All the data must be output exactly as given.

(RECORDS TO PROCESS begins)

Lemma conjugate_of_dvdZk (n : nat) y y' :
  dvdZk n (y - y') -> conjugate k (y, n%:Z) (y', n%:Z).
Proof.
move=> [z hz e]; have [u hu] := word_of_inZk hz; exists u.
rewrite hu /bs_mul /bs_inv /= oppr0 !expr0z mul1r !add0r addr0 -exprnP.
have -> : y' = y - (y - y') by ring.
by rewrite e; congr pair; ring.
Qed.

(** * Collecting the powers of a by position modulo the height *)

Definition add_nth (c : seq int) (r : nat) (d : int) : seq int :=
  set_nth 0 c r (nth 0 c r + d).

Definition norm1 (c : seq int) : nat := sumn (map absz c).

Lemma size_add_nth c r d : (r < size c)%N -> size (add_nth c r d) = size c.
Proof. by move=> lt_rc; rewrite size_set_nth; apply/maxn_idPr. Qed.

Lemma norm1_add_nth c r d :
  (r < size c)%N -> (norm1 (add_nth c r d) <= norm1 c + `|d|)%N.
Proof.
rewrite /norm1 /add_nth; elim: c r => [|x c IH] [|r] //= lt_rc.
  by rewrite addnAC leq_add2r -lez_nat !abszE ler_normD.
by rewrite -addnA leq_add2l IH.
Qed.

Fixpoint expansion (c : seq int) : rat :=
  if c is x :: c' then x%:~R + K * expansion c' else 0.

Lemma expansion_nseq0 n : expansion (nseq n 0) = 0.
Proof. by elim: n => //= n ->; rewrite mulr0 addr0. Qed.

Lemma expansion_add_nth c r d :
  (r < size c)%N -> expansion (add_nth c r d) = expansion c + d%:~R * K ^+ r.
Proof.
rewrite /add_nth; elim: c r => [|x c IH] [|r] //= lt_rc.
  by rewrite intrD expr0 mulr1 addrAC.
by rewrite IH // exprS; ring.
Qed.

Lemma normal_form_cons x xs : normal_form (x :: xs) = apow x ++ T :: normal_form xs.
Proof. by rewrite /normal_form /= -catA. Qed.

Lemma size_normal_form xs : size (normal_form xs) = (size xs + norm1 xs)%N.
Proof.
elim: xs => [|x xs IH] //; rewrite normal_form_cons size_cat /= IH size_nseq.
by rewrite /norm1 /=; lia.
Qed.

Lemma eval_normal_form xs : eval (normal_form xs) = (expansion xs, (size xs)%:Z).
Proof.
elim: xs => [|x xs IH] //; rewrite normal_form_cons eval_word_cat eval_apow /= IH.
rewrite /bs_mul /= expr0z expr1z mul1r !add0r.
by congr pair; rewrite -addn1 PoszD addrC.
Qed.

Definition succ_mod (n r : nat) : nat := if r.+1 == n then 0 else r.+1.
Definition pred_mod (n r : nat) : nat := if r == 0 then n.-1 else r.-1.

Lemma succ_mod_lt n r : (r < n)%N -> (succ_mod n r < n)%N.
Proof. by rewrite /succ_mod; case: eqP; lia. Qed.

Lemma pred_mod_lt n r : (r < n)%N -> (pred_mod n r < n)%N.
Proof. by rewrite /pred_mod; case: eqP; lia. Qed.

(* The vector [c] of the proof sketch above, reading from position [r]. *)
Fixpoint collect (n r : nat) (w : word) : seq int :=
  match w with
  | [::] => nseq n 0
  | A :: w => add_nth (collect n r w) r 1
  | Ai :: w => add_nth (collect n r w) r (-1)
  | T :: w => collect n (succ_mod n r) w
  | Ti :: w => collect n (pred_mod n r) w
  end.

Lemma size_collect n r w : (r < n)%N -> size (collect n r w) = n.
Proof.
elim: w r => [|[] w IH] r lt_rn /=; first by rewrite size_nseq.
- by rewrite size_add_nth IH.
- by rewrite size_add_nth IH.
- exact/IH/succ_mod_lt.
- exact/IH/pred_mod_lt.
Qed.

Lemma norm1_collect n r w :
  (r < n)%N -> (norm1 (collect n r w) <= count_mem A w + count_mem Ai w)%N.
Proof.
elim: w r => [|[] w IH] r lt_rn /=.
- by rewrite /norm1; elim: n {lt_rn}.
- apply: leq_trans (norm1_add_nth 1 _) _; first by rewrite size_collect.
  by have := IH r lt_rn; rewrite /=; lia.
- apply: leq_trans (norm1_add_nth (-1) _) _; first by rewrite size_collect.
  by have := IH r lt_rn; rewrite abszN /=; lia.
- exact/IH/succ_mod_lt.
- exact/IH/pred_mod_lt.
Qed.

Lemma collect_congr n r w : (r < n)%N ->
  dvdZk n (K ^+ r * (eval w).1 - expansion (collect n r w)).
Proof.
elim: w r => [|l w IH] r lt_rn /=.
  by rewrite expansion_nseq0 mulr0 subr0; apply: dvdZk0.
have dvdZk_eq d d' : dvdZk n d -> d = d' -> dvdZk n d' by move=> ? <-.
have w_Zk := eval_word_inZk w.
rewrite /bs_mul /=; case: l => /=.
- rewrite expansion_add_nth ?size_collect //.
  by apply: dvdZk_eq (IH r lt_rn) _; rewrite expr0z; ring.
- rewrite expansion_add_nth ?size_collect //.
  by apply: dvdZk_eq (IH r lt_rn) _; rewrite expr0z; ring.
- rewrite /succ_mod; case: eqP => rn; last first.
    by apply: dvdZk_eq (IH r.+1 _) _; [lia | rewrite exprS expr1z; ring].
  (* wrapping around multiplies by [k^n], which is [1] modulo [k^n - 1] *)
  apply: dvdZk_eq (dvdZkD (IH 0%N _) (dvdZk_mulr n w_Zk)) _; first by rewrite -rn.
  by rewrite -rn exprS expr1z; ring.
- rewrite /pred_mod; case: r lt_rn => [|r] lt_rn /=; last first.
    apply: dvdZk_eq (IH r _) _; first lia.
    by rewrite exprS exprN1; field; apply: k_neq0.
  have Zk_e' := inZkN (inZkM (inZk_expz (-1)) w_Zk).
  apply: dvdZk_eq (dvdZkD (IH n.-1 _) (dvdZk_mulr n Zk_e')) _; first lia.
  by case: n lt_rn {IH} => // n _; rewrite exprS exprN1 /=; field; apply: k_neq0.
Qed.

(RECORDS TO PROCESS ends)

__TASK RESPONSE__.
Lemma conjugate_of_dvdZk (n : nat) y y' :
  dvdZk n (y - y') -> conjugate k (y, n%:Z) (y', n%:Z).
Proof.
move=> [z hz e]; have [u hu] := word_of_inZk hz; exists u.
rewrite hu /bs_mul /bs_inv /= oppr0 !expr0z mul1r !add0r addr0 -exprnP.
have -> : y' = y - (y - y') by ring.
by rewrite e; congr pair; ring.
Qed.

(** * Collecting the powers of a by position modulo the height *)

Definition add_nth (c : seq int) (r : nat) (d : int) : seq int :=
  set_nth 0 c r (nth 0 c r + d).

Definition norm1 (c : seq int) : nat := sumn (map absz c).

Lemma size_add_nth c r d : (r < size c)%N -> size (add_nth c r d) = size c.
Proof. by move=> lt_rc; rewrite size_set_nth; apply/maxn_idPr. Qed.

Lemma norm1_add_nth c r d :
  (r < size c)%N -> (norm1 (add_nth c r d) <= norm1 c + `|d|)%N.
Proof.
rewrite /norm1 /add_nth; elim: c r => [|x c IH] [|r] //= lt_rc.
  by rewrite addnAC leq_add2r -lez_nat !abszE ler_normD.
by rewrite -addnA leq_add2l IH.
Qed.

Fixpoint expansion (c : seq int) : rat :=
  if c is x :: c' then x%:~R + K * expansion c' else 0.

Lemma expansion_nseq0 n : expansion (nseq n 0) = 0.
Proof. by elim: n => //= n ->; rewrite mulr0 addr0. Qed.

Lemma expansion_add_nth c r d :
  (r < size c)%N -> expansion (add_nth c r d) = expansion c + d%:~R * K ^+ r.
Proof.
rewrite /add_nth; elim: c r => [|x c IH] [|r] //= lt_rc.
  by rewrite intrD expr0 mulr1 addrAC.
by rewrite IH // exprS; ring.
Qed.

Lemma normal_form_cons x xs : normal_form (x :: xs) = apow x ++ T :: normal_form xs.
Proof. by rewrite /normal_form /= -catA. Qed.

Lemma size_normal_form xs : size (normal_form xs) = (size xs + norm1 xs)%N.
Proof.
elim: xs => [|x xs IH] //; rewrite normal_form_cons size_cat /= IH size_nseq.
by rewrite /norm1 /=; lia.
Qed.

Lemma eval_normal_form xs : eval (normal_form xs) = (expansion xs, (size xs)%:Z).
Proof.
elim: xs => [|x xs IH] //; rewrite normal_form_cons eval_word_cat eval_apow /= IH.
rewrite /bs_mul /= expr0z expr1z mul1r !add0r.
by congr pair; rewrite -addn1 PoszD addrC.
Qed.

Definition succ_mod (n r : nat) : nat := if r.+1 == n then 0 else r.+1.
Definition pred_mod (n r : nat) : nat := if r == 0 then n.-1 else r.-1.

Lemma succ_mod_lt n r : (r < n)%N -> (succ_mod n r < n)%N.
Proof. by rewrite /succ_mod; case: eqP; lia. Qed.

Lemma pred_mod_lt n r : (r < n)%N -> (pred_mod n r < n)%N.
Proof. by rewrite /pred_mod; case: eqP; lia. Qed.

(* The vector [c] of the proof sketch above, reading from position [r]. *)
Fixpoint collect (n r : nat) (w : word) : seq int :=
  match w with
  | [::] => nseq n 0
  | A :: w => add_nth (collect n r w) r 1
  | Ai :: w => add_nth (collect n r w) r (-1)
  | T :: w => collect n (succ_mod n r) w
  | Ti :: w => collect n (pred_mod n r) w
  end.

Lemma size_collect n r w : (r < n)%N -> size (collect n r w) = n.
Proof.
elim: w r => [|[] w IH] r lt_rn /=; first by rewrite size_nseq.
- by rewrite size_add_nth IH.
- by rewrite size_add_nth IH.
- exact/IH/succ_mod_lt.
- exact/IH/pred_mod_lt.
Qed.

Lemma norm1_collect n r w :
  (r < n)%N -> (norm1 (collect n r w) <= count_mem A w + count_mem Ai w)%N.
Proof.
elim: w r => [|[] w IH] r lt_rn /=.
- by rewrite /norm1; elim: n {lt_rn}.
- apply: leq_trans (norm1_add_nth 1 _) _; first by rewrite size_collect.
  by have := IH r lt_rn; rewrite /=; lia.
- apply: leq_trans (norm1_add_nth (-1) _) _; first by rewrite size_collect.
  by have := IH r lt_rn; rewrite abszN /=; lia.
- exact/IH/succ_mod_lt.
- exact/IH/pred_mod_lt.
Qed.

Lemma collect_congr n r w : (r < n)%N ->
  dvdZk n (K ^+ r * (eval w).1 - expansion (collect n r w)).
Proof.
elim: w r => [|l w IH] r lt_rn /=.
  by rewrite expansion_nseq0 mulr0 subr0; apply: dvdZk0.
have dvdZk_eq d d' : dvdZk n d -> d = d' -> dvdZk n d' by move=> ? <-.
have w_Zk := eval_word_inZk w.
rewrite /bs_mul /=; case: l => /=.
- rewrite expansion_add_nth ?size_collect //.
  by apply: dvdZk_eq (IH r lt_rn) _; rewrite expr0z; ring.
- rewrite expansion_add_nth ?size_collect //.
  by apply: dvdZk_eq (IH r lt_rn) _; rewrite expr0z; ring.
- rewrite /succ_mod; case: eqP => rn; last first.
    by apply: dvdZk_eq (IH r.+1 _) _; [lia | rewrite exprS expr1z; ring].
  (* wrapping around multiplies by [k^n], which is [1] modulo [k^n - 1] *)
  apply: dvdZk_eq (dvdZkD (IH 0%N _) (dvdZk_mulr n w_Zk)) _; first by rewrite -rn.
  by rewrite -rn exprS expr1z; ring.
- rewrite /pred_mod; case: r lt_rn => [|r] lt_rn /=; last first.
    apply: dvdZk_eq (IH r _) _; first lia.
    by rewrite exprS exprN1; field; apply: k_neq0.
  have Zk_e' := inZkN (inZkM (inZk_expz (-1)) w_Zk).
  apply: dvdZk_eq (dvdZkD (IH n.-1 _) (dvdZk_mulr n Zk_e')) _; first lia.
  by case: n lt_rn {IH} => // n _; rewrite exprS exprN1 /=; field; apply: k_neq0.
Qed.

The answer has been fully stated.